Source material section start
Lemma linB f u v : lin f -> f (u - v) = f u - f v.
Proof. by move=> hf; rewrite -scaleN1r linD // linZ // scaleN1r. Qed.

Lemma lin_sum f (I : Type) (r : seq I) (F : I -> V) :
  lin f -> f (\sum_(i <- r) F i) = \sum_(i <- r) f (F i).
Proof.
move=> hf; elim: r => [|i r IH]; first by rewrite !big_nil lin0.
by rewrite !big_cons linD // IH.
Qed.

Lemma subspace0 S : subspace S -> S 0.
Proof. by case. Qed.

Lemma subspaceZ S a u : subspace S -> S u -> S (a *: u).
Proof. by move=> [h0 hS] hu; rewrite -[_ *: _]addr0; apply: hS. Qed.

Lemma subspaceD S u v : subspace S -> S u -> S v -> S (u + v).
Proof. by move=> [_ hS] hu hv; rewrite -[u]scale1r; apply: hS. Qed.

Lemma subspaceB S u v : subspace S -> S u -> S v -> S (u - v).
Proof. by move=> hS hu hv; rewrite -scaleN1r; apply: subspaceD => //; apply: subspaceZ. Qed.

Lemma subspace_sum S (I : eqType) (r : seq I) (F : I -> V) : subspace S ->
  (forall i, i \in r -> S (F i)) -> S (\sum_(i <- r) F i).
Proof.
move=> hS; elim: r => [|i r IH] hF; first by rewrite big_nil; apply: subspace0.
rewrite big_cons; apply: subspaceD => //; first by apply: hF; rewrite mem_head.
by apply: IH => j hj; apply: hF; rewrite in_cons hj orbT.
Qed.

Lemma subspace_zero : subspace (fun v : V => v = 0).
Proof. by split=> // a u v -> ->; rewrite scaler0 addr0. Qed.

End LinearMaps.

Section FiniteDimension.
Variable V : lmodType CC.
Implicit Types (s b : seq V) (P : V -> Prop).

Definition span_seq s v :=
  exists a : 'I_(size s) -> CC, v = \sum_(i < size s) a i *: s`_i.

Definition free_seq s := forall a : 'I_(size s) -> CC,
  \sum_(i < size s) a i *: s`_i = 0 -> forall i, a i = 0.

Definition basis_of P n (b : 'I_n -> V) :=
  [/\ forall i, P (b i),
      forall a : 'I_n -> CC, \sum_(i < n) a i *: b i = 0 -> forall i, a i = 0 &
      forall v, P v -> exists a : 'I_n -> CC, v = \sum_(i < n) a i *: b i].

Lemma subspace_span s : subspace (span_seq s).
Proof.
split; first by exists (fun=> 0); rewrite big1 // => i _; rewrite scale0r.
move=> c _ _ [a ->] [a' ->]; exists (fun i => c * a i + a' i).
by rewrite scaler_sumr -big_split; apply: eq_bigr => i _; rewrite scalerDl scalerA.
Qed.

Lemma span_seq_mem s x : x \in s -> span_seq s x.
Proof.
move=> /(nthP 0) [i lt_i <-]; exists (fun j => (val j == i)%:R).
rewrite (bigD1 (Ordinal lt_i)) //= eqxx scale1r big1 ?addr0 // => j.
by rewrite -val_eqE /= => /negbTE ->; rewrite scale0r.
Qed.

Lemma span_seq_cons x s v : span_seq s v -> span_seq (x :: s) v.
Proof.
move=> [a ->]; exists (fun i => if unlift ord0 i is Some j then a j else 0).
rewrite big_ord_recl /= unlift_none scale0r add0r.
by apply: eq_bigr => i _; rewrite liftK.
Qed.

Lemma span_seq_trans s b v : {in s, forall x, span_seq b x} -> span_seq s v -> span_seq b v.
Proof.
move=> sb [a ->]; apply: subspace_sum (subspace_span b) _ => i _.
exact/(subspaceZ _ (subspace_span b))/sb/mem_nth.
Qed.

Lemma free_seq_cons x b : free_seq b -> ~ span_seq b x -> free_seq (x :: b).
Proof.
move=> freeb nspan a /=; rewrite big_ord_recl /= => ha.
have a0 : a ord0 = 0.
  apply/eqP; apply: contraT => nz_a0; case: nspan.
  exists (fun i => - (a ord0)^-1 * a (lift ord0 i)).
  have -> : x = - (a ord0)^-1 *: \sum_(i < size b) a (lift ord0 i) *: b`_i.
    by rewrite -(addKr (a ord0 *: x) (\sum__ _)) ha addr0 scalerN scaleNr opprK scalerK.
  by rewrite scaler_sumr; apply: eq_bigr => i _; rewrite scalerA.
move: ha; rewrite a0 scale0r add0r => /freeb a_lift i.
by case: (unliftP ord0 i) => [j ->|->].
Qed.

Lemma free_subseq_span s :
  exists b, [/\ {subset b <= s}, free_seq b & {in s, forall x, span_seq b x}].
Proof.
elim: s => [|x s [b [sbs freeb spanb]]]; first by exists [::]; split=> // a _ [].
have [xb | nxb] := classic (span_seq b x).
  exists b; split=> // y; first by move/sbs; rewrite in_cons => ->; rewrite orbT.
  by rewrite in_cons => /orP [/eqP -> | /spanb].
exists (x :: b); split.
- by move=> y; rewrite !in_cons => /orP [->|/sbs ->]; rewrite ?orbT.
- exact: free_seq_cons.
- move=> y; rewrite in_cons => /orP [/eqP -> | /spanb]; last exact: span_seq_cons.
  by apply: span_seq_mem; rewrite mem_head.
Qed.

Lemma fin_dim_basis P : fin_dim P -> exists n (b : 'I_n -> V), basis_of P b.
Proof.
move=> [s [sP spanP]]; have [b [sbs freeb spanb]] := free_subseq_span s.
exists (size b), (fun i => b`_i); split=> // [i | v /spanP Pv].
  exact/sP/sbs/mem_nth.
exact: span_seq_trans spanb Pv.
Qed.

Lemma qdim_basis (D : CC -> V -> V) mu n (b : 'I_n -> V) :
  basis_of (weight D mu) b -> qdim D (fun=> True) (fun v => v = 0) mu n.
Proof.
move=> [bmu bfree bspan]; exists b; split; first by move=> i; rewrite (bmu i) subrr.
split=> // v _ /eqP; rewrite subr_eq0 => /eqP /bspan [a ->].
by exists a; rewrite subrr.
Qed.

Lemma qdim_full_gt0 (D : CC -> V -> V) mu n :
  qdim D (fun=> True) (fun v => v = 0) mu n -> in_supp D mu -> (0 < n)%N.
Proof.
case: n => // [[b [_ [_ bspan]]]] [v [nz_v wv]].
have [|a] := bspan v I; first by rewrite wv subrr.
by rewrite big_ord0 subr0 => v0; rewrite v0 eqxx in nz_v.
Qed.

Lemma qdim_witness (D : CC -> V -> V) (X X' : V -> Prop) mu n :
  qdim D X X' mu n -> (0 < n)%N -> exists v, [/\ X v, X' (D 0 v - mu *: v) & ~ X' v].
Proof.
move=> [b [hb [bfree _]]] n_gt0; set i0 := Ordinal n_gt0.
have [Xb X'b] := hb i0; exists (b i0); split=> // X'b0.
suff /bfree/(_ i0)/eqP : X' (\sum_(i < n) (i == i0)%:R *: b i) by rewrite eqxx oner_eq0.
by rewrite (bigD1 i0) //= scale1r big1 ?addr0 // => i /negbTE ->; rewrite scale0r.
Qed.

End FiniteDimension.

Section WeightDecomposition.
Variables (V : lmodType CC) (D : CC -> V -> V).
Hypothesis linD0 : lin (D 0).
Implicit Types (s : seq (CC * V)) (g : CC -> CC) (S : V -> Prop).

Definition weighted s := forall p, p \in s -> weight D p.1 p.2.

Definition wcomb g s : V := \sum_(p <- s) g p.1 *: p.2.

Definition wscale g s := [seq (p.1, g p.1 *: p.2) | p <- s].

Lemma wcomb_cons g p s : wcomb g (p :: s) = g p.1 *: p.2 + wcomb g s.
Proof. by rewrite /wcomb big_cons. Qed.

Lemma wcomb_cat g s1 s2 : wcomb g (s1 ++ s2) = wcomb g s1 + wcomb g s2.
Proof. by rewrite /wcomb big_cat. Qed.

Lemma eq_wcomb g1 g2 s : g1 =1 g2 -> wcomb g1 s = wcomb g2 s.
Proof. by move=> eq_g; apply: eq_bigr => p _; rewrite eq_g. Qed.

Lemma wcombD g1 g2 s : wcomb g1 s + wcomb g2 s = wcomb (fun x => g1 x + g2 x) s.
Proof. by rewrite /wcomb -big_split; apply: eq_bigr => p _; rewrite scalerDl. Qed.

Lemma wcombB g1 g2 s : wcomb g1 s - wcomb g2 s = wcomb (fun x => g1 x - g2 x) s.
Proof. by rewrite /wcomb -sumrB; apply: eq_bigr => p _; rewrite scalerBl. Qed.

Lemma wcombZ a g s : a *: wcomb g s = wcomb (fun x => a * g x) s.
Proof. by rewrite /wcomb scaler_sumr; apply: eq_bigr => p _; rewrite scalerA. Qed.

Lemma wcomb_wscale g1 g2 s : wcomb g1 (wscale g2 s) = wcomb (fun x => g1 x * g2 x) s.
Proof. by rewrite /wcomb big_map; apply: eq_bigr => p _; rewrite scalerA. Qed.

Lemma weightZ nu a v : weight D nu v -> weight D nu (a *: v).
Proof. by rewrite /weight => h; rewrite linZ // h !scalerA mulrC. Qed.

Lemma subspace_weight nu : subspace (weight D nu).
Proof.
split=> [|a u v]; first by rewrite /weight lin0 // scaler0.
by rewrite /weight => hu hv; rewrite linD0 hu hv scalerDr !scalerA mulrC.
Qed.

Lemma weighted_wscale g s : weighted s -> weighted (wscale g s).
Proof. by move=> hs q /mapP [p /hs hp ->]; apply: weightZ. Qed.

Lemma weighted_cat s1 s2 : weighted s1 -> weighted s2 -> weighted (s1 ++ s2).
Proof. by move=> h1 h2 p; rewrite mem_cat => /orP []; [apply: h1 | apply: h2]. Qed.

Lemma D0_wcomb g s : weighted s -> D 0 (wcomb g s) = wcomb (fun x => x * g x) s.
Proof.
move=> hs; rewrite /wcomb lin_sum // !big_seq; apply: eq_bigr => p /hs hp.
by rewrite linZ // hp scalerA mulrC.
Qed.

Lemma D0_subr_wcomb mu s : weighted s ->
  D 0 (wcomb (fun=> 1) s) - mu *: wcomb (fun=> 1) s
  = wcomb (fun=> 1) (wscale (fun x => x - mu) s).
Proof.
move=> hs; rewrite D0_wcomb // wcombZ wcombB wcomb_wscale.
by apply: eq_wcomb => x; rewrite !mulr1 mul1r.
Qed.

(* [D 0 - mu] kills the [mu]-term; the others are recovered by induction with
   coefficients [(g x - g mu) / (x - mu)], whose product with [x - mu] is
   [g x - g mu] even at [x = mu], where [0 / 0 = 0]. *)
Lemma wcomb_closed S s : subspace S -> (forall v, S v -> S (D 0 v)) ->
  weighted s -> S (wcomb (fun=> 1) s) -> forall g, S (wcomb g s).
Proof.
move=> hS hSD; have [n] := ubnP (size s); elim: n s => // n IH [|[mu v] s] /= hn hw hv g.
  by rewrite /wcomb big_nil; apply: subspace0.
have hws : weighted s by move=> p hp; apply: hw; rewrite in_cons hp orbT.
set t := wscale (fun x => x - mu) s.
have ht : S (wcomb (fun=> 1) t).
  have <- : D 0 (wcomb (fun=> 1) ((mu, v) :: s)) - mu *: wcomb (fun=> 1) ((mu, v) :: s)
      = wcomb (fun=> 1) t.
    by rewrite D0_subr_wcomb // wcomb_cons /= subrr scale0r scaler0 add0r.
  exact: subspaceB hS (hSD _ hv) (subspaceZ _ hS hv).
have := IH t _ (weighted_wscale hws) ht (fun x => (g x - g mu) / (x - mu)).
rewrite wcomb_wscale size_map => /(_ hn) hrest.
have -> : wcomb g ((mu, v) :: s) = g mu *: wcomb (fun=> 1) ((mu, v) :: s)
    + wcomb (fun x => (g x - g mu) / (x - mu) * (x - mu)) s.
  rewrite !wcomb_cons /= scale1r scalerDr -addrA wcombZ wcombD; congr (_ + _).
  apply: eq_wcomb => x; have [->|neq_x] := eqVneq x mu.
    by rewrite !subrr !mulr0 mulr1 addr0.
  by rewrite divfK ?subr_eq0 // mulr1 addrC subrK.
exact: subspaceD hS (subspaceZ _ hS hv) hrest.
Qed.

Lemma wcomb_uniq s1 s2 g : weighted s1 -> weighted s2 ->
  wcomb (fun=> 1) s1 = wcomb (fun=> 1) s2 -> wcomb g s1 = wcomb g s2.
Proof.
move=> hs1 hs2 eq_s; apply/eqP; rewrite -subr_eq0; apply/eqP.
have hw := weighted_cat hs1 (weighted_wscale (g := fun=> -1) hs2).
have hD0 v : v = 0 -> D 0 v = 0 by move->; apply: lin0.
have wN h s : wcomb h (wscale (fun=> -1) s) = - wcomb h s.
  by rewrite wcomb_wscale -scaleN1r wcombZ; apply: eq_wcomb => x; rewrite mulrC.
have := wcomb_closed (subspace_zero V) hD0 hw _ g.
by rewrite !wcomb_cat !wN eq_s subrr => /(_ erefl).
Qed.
Source material section end
Source material section start
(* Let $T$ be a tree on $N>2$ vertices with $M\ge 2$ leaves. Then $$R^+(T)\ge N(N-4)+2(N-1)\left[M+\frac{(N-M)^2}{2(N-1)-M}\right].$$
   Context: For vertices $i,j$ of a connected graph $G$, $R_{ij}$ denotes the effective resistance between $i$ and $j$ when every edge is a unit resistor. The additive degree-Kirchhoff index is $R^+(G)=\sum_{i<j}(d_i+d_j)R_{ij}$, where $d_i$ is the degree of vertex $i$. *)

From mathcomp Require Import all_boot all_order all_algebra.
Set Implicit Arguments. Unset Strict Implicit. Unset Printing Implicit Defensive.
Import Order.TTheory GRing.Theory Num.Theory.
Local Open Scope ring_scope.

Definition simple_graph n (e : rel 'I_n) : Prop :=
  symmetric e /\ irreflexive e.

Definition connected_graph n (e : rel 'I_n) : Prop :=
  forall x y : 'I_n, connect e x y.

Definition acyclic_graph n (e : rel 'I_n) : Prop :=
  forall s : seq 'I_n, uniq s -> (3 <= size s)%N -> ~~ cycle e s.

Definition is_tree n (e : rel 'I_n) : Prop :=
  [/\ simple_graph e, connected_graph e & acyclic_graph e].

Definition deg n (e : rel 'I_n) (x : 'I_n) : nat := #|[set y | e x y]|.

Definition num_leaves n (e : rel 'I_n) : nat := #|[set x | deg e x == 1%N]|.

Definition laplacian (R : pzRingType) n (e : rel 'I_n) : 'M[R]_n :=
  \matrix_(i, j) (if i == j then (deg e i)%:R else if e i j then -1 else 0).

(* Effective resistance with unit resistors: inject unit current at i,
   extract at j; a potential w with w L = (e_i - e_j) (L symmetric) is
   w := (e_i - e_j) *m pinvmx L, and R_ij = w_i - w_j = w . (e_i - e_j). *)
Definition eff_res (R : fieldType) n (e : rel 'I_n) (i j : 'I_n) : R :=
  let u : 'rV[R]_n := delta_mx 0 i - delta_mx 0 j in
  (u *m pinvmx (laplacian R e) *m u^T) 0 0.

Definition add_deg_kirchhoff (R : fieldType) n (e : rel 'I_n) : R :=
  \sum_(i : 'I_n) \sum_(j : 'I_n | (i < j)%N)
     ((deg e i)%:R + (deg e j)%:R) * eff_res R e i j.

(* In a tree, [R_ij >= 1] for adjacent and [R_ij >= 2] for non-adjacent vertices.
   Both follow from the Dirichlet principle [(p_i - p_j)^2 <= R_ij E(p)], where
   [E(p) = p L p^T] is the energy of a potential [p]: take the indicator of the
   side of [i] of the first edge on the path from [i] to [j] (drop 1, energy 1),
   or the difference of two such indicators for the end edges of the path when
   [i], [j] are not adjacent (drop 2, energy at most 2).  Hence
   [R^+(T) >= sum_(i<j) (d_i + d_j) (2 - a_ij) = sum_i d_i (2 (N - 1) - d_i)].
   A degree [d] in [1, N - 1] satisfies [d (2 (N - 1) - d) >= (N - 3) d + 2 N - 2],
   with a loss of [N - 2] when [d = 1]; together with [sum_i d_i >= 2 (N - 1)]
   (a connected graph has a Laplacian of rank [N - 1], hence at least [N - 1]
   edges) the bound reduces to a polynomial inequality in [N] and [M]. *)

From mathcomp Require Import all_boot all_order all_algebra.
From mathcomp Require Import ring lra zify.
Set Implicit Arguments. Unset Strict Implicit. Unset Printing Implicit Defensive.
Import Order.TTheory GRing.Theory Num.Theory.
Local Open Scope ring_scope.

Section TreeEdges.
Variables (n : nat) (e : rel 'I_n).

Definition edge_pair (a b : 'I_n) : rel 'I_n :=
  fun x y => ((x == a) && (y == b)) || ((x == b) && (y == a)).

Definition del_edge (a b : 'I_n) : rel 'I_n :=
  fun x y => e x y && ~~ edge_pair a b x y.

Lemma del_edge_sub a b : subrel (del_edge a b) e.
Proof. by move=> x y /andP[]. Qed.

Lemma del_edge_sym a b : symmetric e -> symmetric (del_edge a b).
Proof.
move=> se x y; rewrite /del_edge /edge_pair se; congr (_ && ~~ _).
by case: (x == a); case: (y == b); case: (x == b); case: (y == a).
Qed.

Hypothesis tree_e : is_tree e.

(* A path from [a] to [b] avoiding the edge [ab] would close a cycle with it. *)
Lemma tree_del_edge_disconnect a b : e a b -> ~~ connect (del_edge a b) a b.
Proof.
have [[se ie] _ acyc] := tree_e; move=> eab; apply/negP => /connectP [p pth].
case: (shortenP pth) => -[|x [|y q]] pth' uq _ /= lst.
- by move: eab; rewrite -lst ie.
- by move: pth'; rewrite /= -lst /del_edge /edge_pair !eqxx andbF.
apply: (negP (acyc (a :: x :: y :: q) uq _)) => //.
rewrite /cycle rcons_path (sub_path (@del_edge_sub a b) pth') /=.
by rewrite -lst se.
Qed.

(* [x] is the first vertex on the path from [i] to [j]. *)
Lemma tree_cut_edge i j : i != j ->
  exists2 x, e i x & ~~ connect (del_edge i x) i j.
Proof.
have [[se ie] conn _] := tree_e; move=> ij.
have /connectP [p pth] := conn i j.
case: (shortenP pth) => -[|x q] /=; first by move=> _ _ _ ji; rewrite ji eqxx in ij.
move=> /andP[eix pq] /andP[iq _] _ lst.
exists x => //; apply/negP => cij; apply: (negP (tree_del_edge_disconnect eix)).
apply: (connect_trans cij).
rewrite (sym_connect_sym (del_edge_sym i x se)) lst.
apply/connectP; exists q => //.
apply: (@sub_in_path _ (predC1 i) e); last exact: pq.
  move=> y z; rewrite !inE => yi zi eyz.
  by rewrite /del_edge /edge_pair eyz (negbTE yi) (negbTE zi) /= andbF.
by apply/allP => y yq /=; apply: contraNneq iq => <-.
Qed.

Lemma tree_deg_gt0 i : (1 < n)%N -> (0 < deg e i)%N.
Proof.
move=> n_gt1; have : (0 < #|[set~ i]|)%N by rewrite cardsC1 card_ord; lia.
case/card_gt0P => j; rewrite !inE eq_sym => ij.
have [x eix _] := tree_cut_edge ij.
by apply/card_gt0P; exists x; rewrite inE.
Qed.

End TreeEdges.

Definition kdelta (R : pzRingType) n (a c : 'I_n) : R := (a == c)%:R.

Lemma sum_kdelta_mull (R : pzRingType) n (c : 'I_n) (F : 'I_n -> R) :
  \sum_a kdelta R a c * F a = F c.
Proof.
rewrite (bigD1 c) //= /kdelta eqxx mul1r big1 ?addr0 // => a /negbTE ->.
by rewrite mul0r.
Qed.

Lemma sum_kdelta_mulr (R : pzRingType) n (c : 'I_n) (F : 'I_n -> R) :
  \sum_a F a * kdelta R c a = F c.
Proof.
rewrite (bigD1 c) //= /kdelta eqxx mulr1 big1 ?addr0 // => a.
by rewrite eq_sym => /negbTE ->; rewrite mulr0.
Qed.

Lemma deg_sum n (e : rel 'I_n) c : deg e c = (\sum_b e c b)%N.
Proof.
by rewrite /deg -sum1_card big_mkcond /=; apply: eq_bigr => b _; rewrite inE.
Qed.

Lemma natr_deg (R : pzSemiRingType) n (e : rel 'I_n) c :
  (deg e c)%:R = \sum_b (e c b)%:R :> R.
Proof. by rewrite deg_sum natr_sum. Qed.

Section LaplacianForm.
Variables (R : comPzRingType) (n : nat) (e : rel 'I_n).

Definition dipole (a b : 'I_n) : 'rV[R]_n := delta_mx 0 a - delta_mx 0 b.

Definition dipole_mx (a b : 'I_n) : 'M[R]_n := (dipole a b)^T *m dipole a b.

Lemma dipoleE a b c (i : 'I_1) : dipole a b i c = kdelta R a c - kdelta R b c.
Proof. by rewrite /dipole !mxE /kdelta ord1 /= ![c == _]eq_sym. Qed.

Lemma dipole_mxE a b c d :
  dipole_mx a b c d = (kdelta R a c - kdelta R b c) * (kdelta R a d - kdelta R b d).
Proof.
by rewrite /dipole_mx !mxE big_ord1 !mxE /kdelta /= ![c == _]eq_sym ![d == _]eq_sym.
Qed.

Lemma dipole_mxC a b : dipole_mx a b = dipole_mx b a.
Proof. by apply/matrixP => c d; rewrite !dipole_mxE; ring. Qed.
Source material section end
### [Work required]
Return the span of lines in the data above that opens at the line with "move=> hS hSD;" and closes at the line with "have -> : wcomb", exactly, ends included, nothing else.

### [Task solution]
move=> hS hSD; have [n] := ubnP (size s); elim: n s => // n IH [|[mu v] s] /= hn hw hv g.
  by rewrite /wcomb big_nil; apply: subspace0.
have hws : weighted s by move=> p hp; apply: hw; rewrite in_cons hp orbT.
set t := wscale (fun x => x - mu) s.
have ht : S (wcomb (fun=> 1) t).
  have <- : D 0 (wcomb (fun=> 1) ((mu, v) :: s)) - mu *: wcomb (fun=> 1) ((mu, v) :: s)
      = wcomb (fun=> 1) t.
    by rewrite D0_subr_wcomb // wcomb_cons /= subrr scale0r scaler0 add0r.
  exact: subspaceB hS (hSD _ hv) (subspaceZ _ hS hv).
have := IH t _ (weighted_wscale hws) ht (fun x => (g x - g mu) / (x - mu)).
rewrite wcomb_wscale size_map => /(_ hn) hrest.
have -> : wcomb g ((mu, v) :: s) = g mu *: wcomb (fun=> 1) ((mu, v) :: s)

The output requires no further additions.